In the F.A.C.T. chart, mild refractive disorders and early cataracts generally cause contrast sensitivity losses at higher spatial frequencies, whereas severe refractive disorders and advanced cataracts cause contrast sensitivity losses at lower spatial frequencies [13, 14]. Although it was not previously reported that interocular difference occurred on higher spatial frequencies like 18 cpd, we found that dominant eye had better contrast sensitivity function values at mesopic 18 cpd spatial frequency. This result might be interpreted as deterioration of stereopsis and decrease of reading capacity (if near monovision therapy was performed) at mesopic 18 cpd.

The present study is one of the few conducted to describe contrast sensitivity function values in a middle-aged population. There are several reports in the literature about the effect of age on contrast sensitivity [15, 16]. Nomura et al. found that age-related decrease in contrast sensitivity was confirmed at all frequencies in Japanese population, even when adjusted for visual acuity, and added that contrast sensitivity tests, especially at high frequencies, assessed aspects of visual function that could not be determined in the elderly population from visual acuity tests alone [15]. Schefrin et al. revealed that statistically significant age-related declines in contrast sensitivities occurred due to age-related changes in the magnocellular pathway [16]. In this study, contrast sensitivity curves both under photopic and mesopic conditions did not show any pathological patterns in middle-aged population.

Contrast sensitivity is affected by pupil diameter [17]. Sloane et al. found that senile miosis was not responsible for older adults’ loss in spatial vision; rather, older adults’ miotic pupil tended to have a positive effect on their spatial vision in that it slightly improved their contrast sensitivity [17]. In this study, in order to avoid pupil diameter influences, we tried to do measurements under similar pupil diameter values.

Since monovision therapies are usually applied in middle-aged people, it is important to make visual measurements of this age group.

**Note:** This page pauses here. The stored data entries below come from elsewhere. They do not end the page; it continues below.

(* Let $t$ be a positive integer and let $M$ be a $t$-spike of order $r$. Then $r(M) = r^*(M) = r$, where $r^*$ denotes the rank function of the dual $M^*$.
   Context: For a positive integer $t$, a matroid $M$ is a $t$-spike of order $r$ (where $r\ge t$) if there is a partition $(A_1,\ldots,A_r)$ of $E(M)$ into 2-element sets (arms) such that, for every $t$-element subset $J\subseteq\{1,\dots,r\}$, the set $\bigcup_{j\in J}A_j$ is both a circuit and a cocircuit of $M$. *)

From mathcomp Require Import all_boot.
Set Implicit Arguments. Unset Strict Implicit. Unset Printing Implicit Defensive.

(* A matroid on the ground set E(M) = the whole finite type T,
   given by its independent sets. *)
Record matroid (T : finType) := Matroid {
  indep : {set T} -> bool;
  indep0 : indep set0;
  indep_sub : forall A B : {set T}, A \subset B -> indep B -> indep A;
  indep_aug : forall A B : {set T}, indep A -> indep B -> #|A| < #|B| ->
    exists2 x, x \in B :\: A & indep (x |: A)
}.

Section MatroidDefs.
Variables (T : finType) (M : matroid T).

Definition mrank (X : {set T}) : nat :=
  \max_(Y : {set T} | (Y \subset X) && indep M Y) #|Y|.

Definition rk : nat := mrank setT.

Definition circuit (C : {set T}) : Prop :=
  ~~ indep M C /\ forall D : {set T}, D \proper C -> indep M D.

(* Dual matroid M^*: I is independent in M^* iff E - I is spanning in M,
   i.e. contains a basis of M. *)
Definition spanning (S : {set T}) : bool := mrank S == rk.
Definition dual_indep (I : {set T}) : bool := spanning (~: I).

Definition dual_mrank (X : {set T}) : nat :=
  \max_(Y : {set T} | (Y \subset X) && dual_indep Y) #|Y|.
Definition corank : nat := dual_mrank setT.

Definition cocircuit (C : {set T}) : Prop :=
  ~~ dual_indep C /\ forall D : {set T}, D \proper C -> dual_indep D.

End MatroidDefs.

Definition is_spike_with (T : finType) (M : matroid T) (t r : nat)
    (A : 'I_r -> {set T}) : Prop :=
  [/\ 0 < t, t <= r,
      (forall i, #|A i| = 2),
      (forall i j, i != j -> [disjoint A i & A j]) &
      (\bigcup_(i < r) A i = setT)] /\
      (forall J : {set 'I_r}, #|J| = t ->
         circuit M (\bigcup_(j in J) A j) /\ cocircuit M (\bigcup_(j in J) A j)).

Definition is_spike (T : finType) (M : matroid T) (t r : nat) : Prop :=
  exists A : 'I_r -> {set T}, @is_spike_with T M t r A.

From mathcomp Require Import all_boot zify.
Set Implicit Arguments. Unset Strict Implicit. Unset Printing Implicit Defensive.

(* Write X(K) for the union of the arms indexed by K.  When |K| < t, X(K) is a
   proper subset of a spike circuit and of a spike cocircuit, hence independent
   and coindependent.  For t - 1 <= |K| <= r - t + 1, adding an arm a to K raises
   the rank of X(K) by exactly one: by at most one, since the circuit formed by a
   and t - 1 arms of K puts one element of a in the closure of the rest; by at
   least one, since otherwise the cocircuit formed by a and t - 1 arms outside K
   would be coindependent.  So r(X(K)) = |K| + t - 1.  For |K| = r - t + 1 the
   complement of X(K) is coindependent, i.e. X(K) is spanning, and r(M) = r;
   then r*(M) = |E| - r(M) = 2r - r.  This range of |K| is nonempty because a
   circuit and a cocircuit of size 2t give 2t - 1 <= r(M) <= 2r - 2t + 1. *)

Section CardinalSubsets.
Variable I : finType.
Implicit Types K U : {set I}.

Lemma exists_subset_card U n :
  n <= #|U| -> exists2 L : {set I}, L \subset U & #|L| = n.
Proof.
case/card_geqP=> s [uniq_s size_s sub_s]; exists [set x in s].
  by apply/subsetP=> x; rewrite inE => /sub_s.
by rewrite cardsE (card_uniqP uniq_s).
Qed.

Lemma exists_proper_superset_card K n : #|K| < n -> n <= #|I| ->
  exists2 J : {set I}, #|J| = n & K \proper J.
Proof.
move=> ltKn len.
have [L sLK cL] : exists2 L : {set I}, L \subset ~: K & #|L| = n - #|K|.
  by apply: exists_subset_card; have := cardsC K; lia.
have KL0 : K :&: L = set0.
  by apply: disjoint_setI0; rewrite disjoint_sym disjoints_subset.
exists (K :|: L); first by rewrite cardsU KL0 cards0 cL; lia.
apply: properUl; apply: contraTN ltKn => sLK'.
have : L \subset K :&: L by rewrite subsetI sLK' subxx.
by rewrite KL0 subset0 -cards_eq0 cL; lia.
Qed.

End CardinalSubsets.

Section MatroidRank.
Variables (T : finType) (M : matroid T).
Implicit Types (C D I J X Y Z : {set T}) (e : T).

Lemma indep_leq_mrank X Y : Y \subset X -> indep M Y -> #|Y| <= mrank M X.
Proof. by move=> sYX iY; apply: (bigmax_sup Y) => //; rewrite sYX iY. Qed.

Lemma mrank_basis X :
  exists2 Y : {set T}, (Y \subset X) && indep M Y & mrank M X = #|Y|.
Proof.
rewrite /mrank (bigmax_eq_arg set0); last by rewrite sub0set indep0.
by case: arg_maxnP => [|Y ? _]; [rewrite sub0set indep0 | exists Y].
Qed.

Lemma mrank_leq_card X : mrank M X <= #|X|.
Proof. by have [Y /andP[sYX _] ->] := mrank_basis X; apply: subset_leq_card. Qed.

Lemma mrank_mono X Y : X \subset Y -> mrank M X <= mrank M Y.
Proof.
move=> sXY; have [Z /andP[sZX iZ] ->] := mrank_basis X.
exact: indep_leq_mrank (subset_trans sZX sXY) iZ.
Qed.

Lemma indep_mrank X : indep M X -> mrank M X = #|X|.
Proof. by move=> iX; apply/eqP; rewrite eqn_leq mrank_leq_card indep_leq_mrank. Qed.

Lemma indep_card_leq_rk I : indep M I -> #|I| <= rk M.
Proof. exact: indep_leq_mrank (subsetT I). Qed.

Lemma dual_indep_card_leq I : dual_indep M I -> #|I| <= #|T| - rk M.
Proof.
move/eqP=> <-; have := mrank_leq_card (~: I); have := cardsC I; lia.
Qed.

Lemma mrank_setU1 e X : mrank M (e |: X) <= (mrank M X).+1.
Proof.
have [Y /andP[sY iY] ->] := mrank_basis (e |: X).
have sYX : Y :\ e \subset X by rewrite subDset.
have := indep_leq_mrank sYX (indep_sub (subD1set Y e) iY).
by rewrite (cardsD1 e Y); case: (e \in Y) => /=; lia.
Qed.

Lemma indep_augment I J : indep M I -> indep M J -> #|I| <= #|J| ->
  exists B : {set T}, [/\ I \subset B, B \subset I :|: J, indep M B & #|B| = #|J|].
Proof.
move=> iI iJ leIJ; have [n cJ] : exists n, #|J| = #|I| + n by exists (#|J| - #|I|); lia.
elim: n I iI {leIJ} cJ => [|n IH] I iI cJ.
  by exists I; rewrite subxx subsetUl cJ addn0.
have /(indep_aug iI iJ)[x] : #|I| < #|J| by lia.
rewrite inE => /andP[xI xJ] ixI.
have [|B [sxIB sB iB cB]] := IH (x |: I) ixI; first by rewrite cardsU1 xI; lia.
exists B; split=> //; first exact: subset_trans (subsetUr [set x] I) sxIB.
by apply: subset_trans sB _; rewrite -setUA subUset sub1set inE xJ orbT subxx.
Qed.

Definition in_closure e X : Prop := mrank M (e |: X) = mrank M X.

Lemma in_closure_mono e Y Z : Y \subset Z -> in_closure e Y -> in_closure e Z.
Proof.
move=> sYZ clY; apply/eqP.
rewrite eqn_leq [_ <= mrank M (e |: Z)]mrank_mono ?subsetUr // andbT leqNgt.
apply/negP=> ltZ.
have eZ : e \notin Z.
  by apply: contraL ltZ => eZ; rewrite (setUidPr _) ?sub1set // ltnn.
have [I /andP[sI iI] cI] := mrank_basis (e |: Z).
have [J /andP[sJY iJ] cJ] := mrank_basis Y.
have [|B [sJB sB iB cB]] := indep_augment iJ iI.
  by rewrite -cI -cJ (leq_trans (mrank_mono sYZ)) ?mrank_mono ?subsetUr.
(* otherwise [B] is an independent subset of [Z] larger than [mrank M Z] *)
have eB : e \in B.
  have sBZ : B :\ e \subset Z.
    rewrite subDset (subset_trans sB) // subUset sI.
    by rewrite (subset_trans sJY) ?subsetU ?sYZ ?orbT.
  have := indep_leq_mrank sBZ (indep_sub (subD1set B e) iB).
  by move: ltZ; rewrite cI -cB (cardsD1 e B); case: (e \in B) => /=; lia.
have eJ : e \notin J by apply: contra eZ => /(subsetP sJY) /(subsetP sYZ).
have seJB : e |: J \subset B by rewrite subUset sub1set eB sJB.
have := indep_leq_mrank (setUS [set e] sJY) (indep_sub seJB iB).
by rewrite cardsU1 eJ clY cJ; lia.
Qed.

Lemma circuit_in_closure C e X :
  circuit M C -> e \in C -> C :\ e \subset X -> in_closure e X.
Proof.
move=> [depC minC] eC sCX; apply: in_closure_mono sCX _.
have iCe := minC _ (properD1 eC).
rewrite /in_closure setD1K // (indep_mrank iCe).
apply/eqP; rewrite eqn_leq (indep_leq_mrank (subD1set C e) iCe) andbT.
have [Y /andP[sYC iY] ->] := mrank_basis C.
have : Y \proper C by rewrite properEneq sYC andbT; apply: contraNneq depC => <-.
by move/proper_card; rewrite (cardsD1 e C) eC.
Qed.

Lemma cocircuit_notin_closure D e X :
  cocircuit M D -> e \in D -> X \subset ~: D -> ~ in_closure e X.
Proof.
move=> [codepD cominD] eD sXD clX.
have := cominD _ (properD1 eD).
rewrite /dual_indep /spanning setCD setUC (in_closure_mono sXD clX) => spD.
by rewrite /dual_indep /spanning spD in codepD.
Qed.

Lemma corankE : corank M = #|T| - rk M.
Proof.
apply/eqP; rewrite eqn_leq; apply/andP; split.
  by apply/bigmax_leqP => I /andP[_]; apply: dual_indep_card_leq.
have [B /andP[_ iB] rkB] := mrank_basis setT.
have coB : dual_indep M (~: B).
  by rewrite /dual_indep /spanning /rk setCK (indep_mrank iB) rkB.
apply: leq_trans (bigmax_sup (~: B) _ (leqnn _)); last by rewrite subsetT.
by rewrite /rk rkB -(cardsC B); lia.
Qed.

End MatroidRank.

Section Spike.
Variables (T : finType) (M : matroid T) (t r : nat) (A : 'I_r -> {set T}).
Hypothesis spikeA : is_spike_with M t A.
Implicit Types (J K L : {set 'I_r}) (x : T).

Definition arms K : {set T} := \bigcup_(j in K) A j.

Let t_gt0 : 0 < t. Proof. by case: spikeA => [[]]. Qed.
Let t_le_r : t <= r. Proof. by case: spikeA => [[]]. Qed.
Let card_arm i : #|A i| = 2. Proof. by case: spikeA => [[]]. Qed.
Let disjoint_arms i j : i != j -> [disjoint A i & A j].
Proof. by case: spikeA => [[_ _ _ disj _] _]; apply: disj. Qed.
Let bigcup_armsT : \bigcup_(i < r) A i = setT. Proof. by case: spikeA => [[]]. Qed.
Let spike_circuit J : #|J| = t -> circuit M (arms J).
Proof. by move=> cJ; case: spikeA => _ /(_ J cJ)[]. Qed.
Let spike_cocircuit J : #|J| = t -> cocircuit M (arms J).
Proof. by move=> cJ; case: spikeA => _ /(_ J cJ)[]. Qed.

Lemma exists_arm x : exists j, x \in A j.
Proof.
have : x \in \bigcup_(i < r) A i by rewrite bigcup_armsT inE.
by case/bigcupP=> j _ xj; exists j.
Qed.

Lemma arm_nonempty j : exists e, e \in A j.
Proof. by apply/card_gt0P; rewrite card_arm. Qed.

Lemma mem_arm x i j : x \in A i -> (x \in A j) = (i == j).
Proof.
by move=> xi; case: eqVneq => [<- // | /disjoint_arms/disjointFr]; apply.
Qed.

Lemma mem_arms x j K : x \in A j -> (x \in arms K) = (j \in K).
Proof.
move=> xj; apply/bigcupP/idP => [[i iK]|]; last by exists j.
by rewrite (mem_arm _ xj) => /eqP ->.
Qed.

Lemma arms_subset K L : (arms K \subset arms L) = (K \subset L).
Proof.
apply/subsetP/subsetP => sKL.
  move=> j jK; have [e ej] := arm_nonempty j.
  by rewrite -(mem_arms L ej); apply: sKL; rewrite (mem_arms _ ej).
by move=> x; have [j xj] := exists_arm x; rewrite !(mem_arms _ xj); apply: sKL.
Qed.

Lemma arms_proper K L : (arms K \proper arms L) = (K \proper L).
Proof. by rewrite !properE !arms_subset. Qed.

Lemma arms_setC K : ~: arms K = arms (~: K).
Proof.
by apply/setP => x; have [j xj] := exists_arm x; rewrite !inE !(mem_arms _ xj) inE.
Qed.

Lemma arms_setD1 a K : a \in K -> arms K = A a :|: arms (K :\ a).
Proof. by move=> aK; rewrite /arms (big_setD1 a aK). Qed.

Lemma card_arms K : #|arms K| = (#|K|).*2.
Proof.
have [n] := ubnP #|K|; elim: n K => // n IH K.
case: (set_0Vmem K) => [-> _ | [a aK] ltKn].
  by rewrite /arms big_set0 !cards0.
have disj : [disjoint A a & arms (K :\ a)].
  by apply: bigcup_disjoint => j; rewrite !inE eq_sym => /andP[/disjoint_arms].
rewrite (arms_setD1 aK) cardsU (disjoint_setI0 disj) cards0 card_arm IH; last first.
  by rewrite (cardsD1 a K) aK in ltKn.
by rewrite (cardsD1 a K) aK; lia.
Qed.

Lemma card_spike : #|T| = r.*2.
Proof.
have armsT : arms setT = setT.
  by apply/setP => x; have [j xj] := exists_arm x; rewrite (mem_arms _ xj) !inE.
by rewrite -cardsT -armsT card_arms cardsT card_ord.
Qed.

Lemma spike_order_bound : t.*2 <= r.+1.
Proof.
have [J _ cJ] : exists2 J : {set 'I_r}, J \subset setT & #|J| = t.
  by apply: exists_subset_card; rewrite cardsT card_ord.
have /card_gt0P[j jJ] : 0 < #|J| by rewrite cJ.
have [e ej] := arm_nonempty j.
have eJ : e \in arms J by rewrite (mem_arms _ ej).
have [_ minC] := spike_circuit cJ; have [_ minD] := spike_cocircuit cJ.
have := indep_card_leq_rk (minC _ (properD1 eJ)).
have := dual_indep_card_leq (minD _ (properD1 eJ)).
by have := cardsD1 e (arms J); rewrite eJ card_arms cJ card_spike; lia.
Qed.

Lemma indep_arms K : #|K| < t -> indep M (arms K).
Proof.
move=> ltKt; have [|J cJ ltKJ] := exists_proper_superset_card ltKt.
  by rewrite card_ord.
by have [_] := spike_circuit cJ; apply; rewrite arms_proper.
Qed.

Lemma dual_indep_arms K : #|K| < t -> dual_indep M (arms K).
Proof.
move=> ltKt; have [|J cJ ltKJ] := exists_proper_superset_card ltKt.
  by rewrite card_ord.
by have [_] := spike_cocircuit cJ; apply; rewrite arms_proper.
Qed.

Lemma mrank_arms_setD1_leq a K : a \in K -> t <= #|K| ->
  mrank M (arms K) <= (mrank M (arms (K :\ a))).+1.
Proof.
move=> aK leKt.
have [L sL cL] : exists2 L : {set 'I_r}, L \subset K :\ a & #|L| = t.-1.
  by apply: exists_subset_card; rewrite (cardsD1 a K) aK in leKt; lia.
have aL : a \notin L by apply: contraTN aK => /(subsetP sL); rewrite !inE eqxx.
have [e [f [_ Aa]]] := cards2P _ (introT eqP (card_arm a)).
have armsK : arms K = e |: (f |: arms (K :\ a)) by rewrite (arms_setD1 aK) Aa -setUA.
have circ : circuit M (arms (a |: L)).
  by apply: spike_circuit; rewrite cardsU1 aL cL; lia.
have eC : e \in arms (a |: L).
  by rewrite (mem_arms _ (_ : e \in A a)) ?setU11 // Aa !inE eqxx.
have clo : in_closure M e (f |: arms (K :\ a)).
  apply: circuit_in_closure circ eC _.
  by rewrite subDset -armsK arms_subset subUset sub1set aK (subset_trans sL) ?subD1set.
by rewrite armsK clo; apply: mrank_setU1.
Qed.

Lemma mrank_arms_setD1_gt a K : a \in K -> #|K| + t <= r.+1 ->
  mrank M (arms (K :\ a)) < mrank M (arms K).
Proof.
move=> aK leKr.
have [L sL cL] : exists2 L : {set 'I_r}, L \subset ~: K & #|L| = t.-1.
  by apply: exists_subset_card; have := cardsC K; rewrite card_ord; lia.
have aL : a \notin L by apply: contraTN aK => /(subsetP sL); rewrite inE.
have cocirc : cocircuit M (arms (a |: L)).
  by apply: spike_cocircuit; rewrite cardsU1 aL cL; lia.
have [e ea] := arm_nonempty a.
have eD : e \in arms (a |: L) by rewrite (mem_arms _ ea) setU11.
have sKD : arms (K :\ a) \subset ~: arms (a |: L).
  rewrite arms_setC arms_subset; apply/subsetP => j; rewrite !inE => /andP[ja jK].
  by rewrite (negPf ja); apply: contraL jK => /(subsetP sL); rewrite inE.
rewrite ltnNge; apply/negP => leK.
apply: (cocircuit_notin_closure cocirc eD sKD).
apply/eqP; rewrite eqn_leq [_ <= mrank M (e |: _)]mrank_mono ?subsetUr // andbT.
apply: leq_trans leK; apply: mrank_mono.
by rewrite subUset sub1set (mem_arms _ ea) aK arms_subset subD1set.
Qed.

Lemma mrank_arms K : t.-1 <= #|K| -> #|K| + t <= r.+1 ->
  mrank M (arms K) = #|K| + t.-1.
Proof.
move=> leK; have [n cK] : exists n, #|K| = t.-1 + n by exists (#|K| - t.-1); lia.
elim: n K {leK} cK => [|n IH] K cK leKr.
  have iK : indep M (arms K) by apply: indep_arms; lia.
  by rewrite indep_mrank // card_arms cK; lia.
have /card_gt0P[a aK] : 0 < #|K| by lia.
have cKa : #|K :\ a| = t.-1 + n by rewrite (cardsD1 a K) aK in cK; lia.
have rKa : mrank M (arms (K :\ a)) = #|K :\ a| + t.-1 by apply: IH => //; lia.
have := mrank_arms_setD1_leq aK; have := mrank_arms_setD1_gt aK leKr.
by rewrite rKa cKa cK; lia.
Qed.

Lemma rk_spike : rk M = r.
Proof.
have [K _ cK] : exists2 K : {set 'I_r}, K \subset setT & #|K| = r - t.-1.
  by apply: exists_subset_card; rewrite cardsT card_ord; lia.
have /eqP <- : dual_indep M (arms (~: K)).
  by apply: dual_indep_arms; have := cardsC K; rewrite card_ord; lia.
have bound := spike_order_bound.
by rewrite -arms_setC setCK mrank_arms cK; lia.
Qed.

Lemma corank_spike : corank M = r.
Proof. by rewrite corankE rk_spike card_spike; lia. Qed.

End Spike.

Theorem lemma6p2 (T : finType) (M : matroid T) (t r : nat) :
  0 < t -> is_spike M t r -> rk M = r /\ corank M = r.
Proof. by move=> _ [A spikeA]; rewrite (rk_spike spikeA) (corank_spike spikeA). Qed.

The presbyopic patients over the age of 40 years are the best candidates for monovision [18]. Beyond the past literature, this study investigated contrast sensitivity and other ocular parameters in people whose age ranged between 40 and 60 years. Some of the factors contributing to better results in monovision therapies include good interocular blur suppression, posttreatment anisometropia of less than 2.50 Diopters, successful distance correction of the dominant eye, good stereoacuity, and motivation to adapt to this visual system [18]. Although we did not measure the degree of ocular dominance in this study, the degree of ocular dominance plays a strong role in monovision success. Handa et al. reported that patients with strong sighting preference tended to have reduced interocular blur suppression and decreased binocular depth of focus that makes monovision less tolerable [19]. Schor et al. have found that interocular blur suppression is more effective under photopic viewing conditions than high contrast mesopic and scotopic conditions [20]. Horn revealed that suppression of the out of focus image in the near eye is easier under lower contrast viewing situations [21].

Our contrast sensitivity scores provided were slightly low when compared to some other FACT data in the literature [22]. The reason might be that our patients were older. Some concerns about statistical analysis might come to one’s mind that it would be better to use logarithmic units while interpreting the data; but according to us there is no definitive superiority of using logarithmic units instead of CS scores. In conclusion, in the present study, at mesopic 18 cpd, contrast sensitivity of a nondominant eye was slightly lower than that of the dominant eye. Although this parameter is not the best indicator of monovision treatment success, it is worth giving importance.

Conflict of Interests

The authors declare that there is no conflict of interests regarding the publication of this paper.